TASK GOAL -
Report every line of the records below that includes the string "first".
=== GIVEN DATA ===
(* Let $q$ be a prime power with $q\equiv 3\pmod 4$ and $m>1$ an odd integer. Then there exists a strongly regular Cayley graph with parameters $(q^{2m},\,r(q^m+1),\,-q^m+r^2+3r,\,r^2+r)$, where $r=q^{m-1}(q-1)/2$.
   Context: A Cayley graph $\mathrm{Cay}(G,D)$ on an additive group $G$ with $0\notin D=-D$ has vertex set $G$, with $x\sim y$ iff $x-y\in D$. A strongly regular graph with parameters $(v,k,\lambda,\mu)$ is a regular graph of valency $k$ on $v$ vertices, neither complete nor edgeless, in which any two adjacent vertices have exactly $\lambda$ common neighbours and any two non-adjacent vertices have exactly $\mu$ common neighbours. *)

From HB Require Import structures.
From mathcomp Require Import all_boot all_order all_algebra.
Set Implicit Arguments. Unset Strict Implicit. Unset Printing Implicit Defensive.
Import GRing.Theory Num.Theory.
Local Open Scope ring_scope.

Definition cay_adj (G : finZmodType) (D : {set G}) : rel G :=
  fun x y => (x - y) \in D.

Definition cayley_set (G : finZmodType) (D : {set G}) : Prop :=
  0 \notin D /\ [set - x | x in D] = D.

Definition nbhd (T : finType) (adj : rel T) (x : T) : {set T} :=
  [set y | adj x y].

Definition common_nb (T : finType) (adj : rel T) (x y : T) : {set T} :=
  [set z | adj x z && adj y z].

(* Assumes adj is a simple graph
   relation (symmetric, irreflexive), which holds for Cayley graphs. *)
Definition srg (T : finType) (adj : rel T) (v k : nat) (lam mu : int) : Prop :=
  #|T| = v /\
  (forall x, #|nbhd adj x| = k) /\
  (exists x y, x != y /\ ~~ adj x y) /\
  (exists x y, adj x y) /\
  (forall x y, x != y -> adj x y -> (#|common_nb adj x y|)%:Z = lam) /\
  (forall x y, x != y -> ~~ adj x y -> (#|common_nb adj x y|)%:Z = mu).

Definition prime_power (q : nat) : Prop :=
  exists p e : nat, prime p /\ (0 < e)%N /\ q = (p ^ e)%N.

(* Take F = GF(q), in which -1 is a nonsquare, the form Q(x) = x_1^2 + ... + x_2m^2
   on G = F^2m, and D = {x | Q(x) is a nonzero square}.  Reflections and nonzero
   scalings preserve D, so the number codeg a of common neighbours of 0 and a
   depends only on whether Q(a) is a nonzero square, a nonsquare, or 0 (a <> 0).
   The plane (F^2, Q) is the norm form of F[i] = GF(q^2); multiplicativity of the
   norm shows that every nonzero value is taken q + 1 times and yields the two
   codegrees in the plane.  Splitting off a plane, G = F^2 + F^2j with j = m - 1,
   expresses the anisotropic codegrees through the plane ones and the number of
   vectors of each norm in F^2j, namely (q^2j - (-q)^j)/q, plus (-q)^j for norm 0;
   for m odd this gives lambda and mu.  The isotropic codegree then follows from
   the double count  sum_a codeg a = k^2. *)

From mathcomp Require Import all_boot all_order all_algebra all_field.
From mathcomp Require Import ring lra.
Set Implicit Arguments. Unset Strict Implicit. Unset Printing Implicit Defensive.
Import GRing.Theory Num.Theory.
Local Open Scope ring_scope.

(* Counting is done in rat, since the closed forms below divide by q. *)
Definition ind (b : bool) : rat := if b then 1 else 0.
Arguments ind : simpl never.

Lemma ind1 : ind true = 1. Proof. by []. Qed.
Lemma ind0 : ind false = 0. Proof. by []. Qed.

Lemma ind_and a b : ind (a && b) = ind a * ind b.
Proof. by case: a; case: b; rewrite /ind ?mulr1 ?mulr0. Qed.

Lemma card_ind (T : finType) (P : {pred T}) : #|P|%:R = \sum_x ind (x \in P).
Proof.
by rewrite -sum1_card natr_sum big_mkcond; apply: eq_bigr => x _; case: (x \in P).
Qed.

Lemma sum_ind_eq_mul (T : finType) (a : T) (g : T -> rat) :
  \sum_x ind (x == a) * g x = g a.
Proof.
rewrite (bigD1 a) //= eqxx ind1 mul1r big1 ?addr0 //.
by move=> x /negbTE ->; rewrite ind0 mul0r.
Qed.

Lemma sum_ind_eq (T : finType) (a : T) : \sum_x ind (x == a) = 1.
Proof. by rewrite -(sum_ind_eq_mul a (fun=> 1)); apply: eq_bigr => x _; rewrite mulr1. Qed.

Lemma sum_ind_eq_sym (T : finType) (a : T) : \sum_x ind (a == x) = 1.
Proof. by rewrite -(sum_ind_eq a); apply: eq_bigr => x _; rewrite eq_sym. Qed.

Lemma sum_fibres (T U : finType) (g : T -> U) (f : U -> rat) :
  \sum_x f (g x) = \sum_c (\sum_x ind (g x == c)) * f c.
Proof.
under [RHS]eq_bigr do rewrite mulr_suml.
rewrite exchange_big; apply: eq_bigr => x _.
by under eq_bigr do rewrite eq_sym; rewrite sum_ind_eq_mul.
Qed.

Lemma sumr_subl (V : finZmodType) (x : V) (f : V -> rat) :
  \sum_u f (x - u) = \sum_u f u.
Proof. by rewrite [RHS](reindex_inj (inj_comp (addrI x) oppr_inj)). Qed.

Lemma sumr_subr (V : finZmodType) (b : V) (f : V -> rat) :
  \sum_u f (u - b) = \sum_u f u.
Proof. by rewrite [RHS](reindex_inj (addIr (- b))). Qed.

Lemma sumr_affine (F : finFieldType) (u v : F) (f : F -> rat) :
  u != 0 -> \sum_c f (v + u * c) = \sum_c f c.
Proof. by move=> u0; rewrite [RHS](reindex_inj (inj_comp (addrI v) (mulfI u0))). Qed.

Section Squares.
Variable F : finFieldType.
Hypothesis two_neq0 : (2 : F) != 0.
Local Notation q := (#|F|%:R : rat).

Definition is_sq (s : F) : bool := [exists u, u ^+ 2 == s].
Definition nzsq (s : F) : bool := (s != 0) && is_sq s.
Definition nonsq (s : F) : bool := (s != 0) && ~~ is_sq s.
Definition nzsq_count : rat := \sum_s ind (nzsq s).
Local Notation h := nzsq_count.

Lemma is_sqP s : reflect (exists u, u ^+ 2 = s) (is_sq s).
Proof. by apply: (iffP existsP) => [[u /eqP <-]|[u <-]]; exists u. Qed.

Lemma sqrt_neq0 (s u : F) : s != 0 -> u ^+ 2 = s -> u != 0.
Proof. by move=> s0 us; apply: contraNneq s0 => u0; rewrite -us u0 expr0n. Qed.

Lemma count_sqrt s : \sum_x ind (x ^+ 2 == s) = ind (s == 0) + 2 * ind (nzsq s).
Proof.
have [->|s0] := eqVneq s 0.
  rewrite /nzsq eqxx ind1 ind0 mulr0 addr0 -(sum_ind_eq (0 : F)).
  by apply: eq_bigr => x _; rewrite sqrf_eq0.
rewrite /nzsq s0 ind0 add0r /=.
have [[u us]|no_sqrt] := is_sqP s; last first.
  by rewrite ind0 mulr0 big1 // => x _; case: eqP => // xs; case: no_sqrt; exists x.
have u0 := sqrt_neq0 s0 us.
have u_neqN : u != - u.
  by apply: contra_neq (mulf_neq0 two_neq0 u0) => uu; rewrite mulr_natl mulr2n {1}uu addNr.
rewrite (eq_bigr (fun x => ind (x == u) + ind (x == - u))); last first.
  move=> x _; rewrite -us eqf_sqr /ind.
  by have [->|] := eqVneq x u; rewrite ?(negbTE u_neqN) //; case: (x == - u).
by rewrite big_split /= !sum_ind_eq ind1 mulr1.
Qed.

Lemma card_nzsq : q = 1 + 2 * h.
Proof.
have -> : q = \sum_(s : F) \sum_(x : F) ind (x ^+ 2 == s).
  by rewrite exchange_big -sum1_card natr_sum; apply: eq_bigr => x _; rewrite sum_ind_eq_sym.
by under eq_bigr do rewrite count_sqrt; rewrite big_split /= sum_ind_eq -mulr_sumr.
Qed.

Lemma count_nonsq : \sum_s ind (nonsq s) = h.
Proof.
have : \sum_(s : F) (ind (s == 0) + ind (nzsq s) + ind (nonsq s)) = q.
  rewrite -sum1_card natr_sum; apply: eq_bigr => s _.
  by rewrite /nzsq /nonsq /ind; case: (s == 0); case: (is_sq s).
rewrite !big_split /= sum_ind_eq card_nzsq => e.
by apply: (addrI (1 + h)); rewrite e; ring.
Qed.

Lemma nzsq_count_half : h = (#|F|./2)%:R.
Proof.
have hE : h = #|[set s | nzsq s]|%:R by rewrite card_ind; under [RHS]eq_bigr do rewrite inE.
have : #|F| = (#|[set s | nzsq s]|.*2 + 1)%N.
  by apply/eqP; rewrite -(eqr_nat rat) card_nzsq hE natrD -muln2 natrM mulrC addrC.
by rewrite hE => ->; rewrite addn1 /= uphalf_double.
Qed.

Lemma nzsq_count_gt0 : 0 < h.
Proof. by have := card_finNzRing_gt1 F; rewrite -(ltr_nat rat) card_nzsq; lra. Qed.

Lemma nzsq_mul_nonsq a b : nzsq a -> nonsq b -> nonsq (a * b).
Proof.
move=> /andP[a0 /is_sqP[u ua]] /andP[b0 nb]; rewrite /nonsq mulf_neq0 //=.
apply: contra nb => /is_sqP[w wab]; apply/is_sqP; exists (w / u).
by rewrite expr_div_n wab -ua mulrC mulKf // expf_neq0 // (sqrt_neq0 a0 ua).
Qed.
===
FINISHED TASK -
have [[u us]|no_sqrt] := is_sqP s; last first.
rewrite (eq_bigr (fun x => ind (x == u) + ind (x == - u))); last first.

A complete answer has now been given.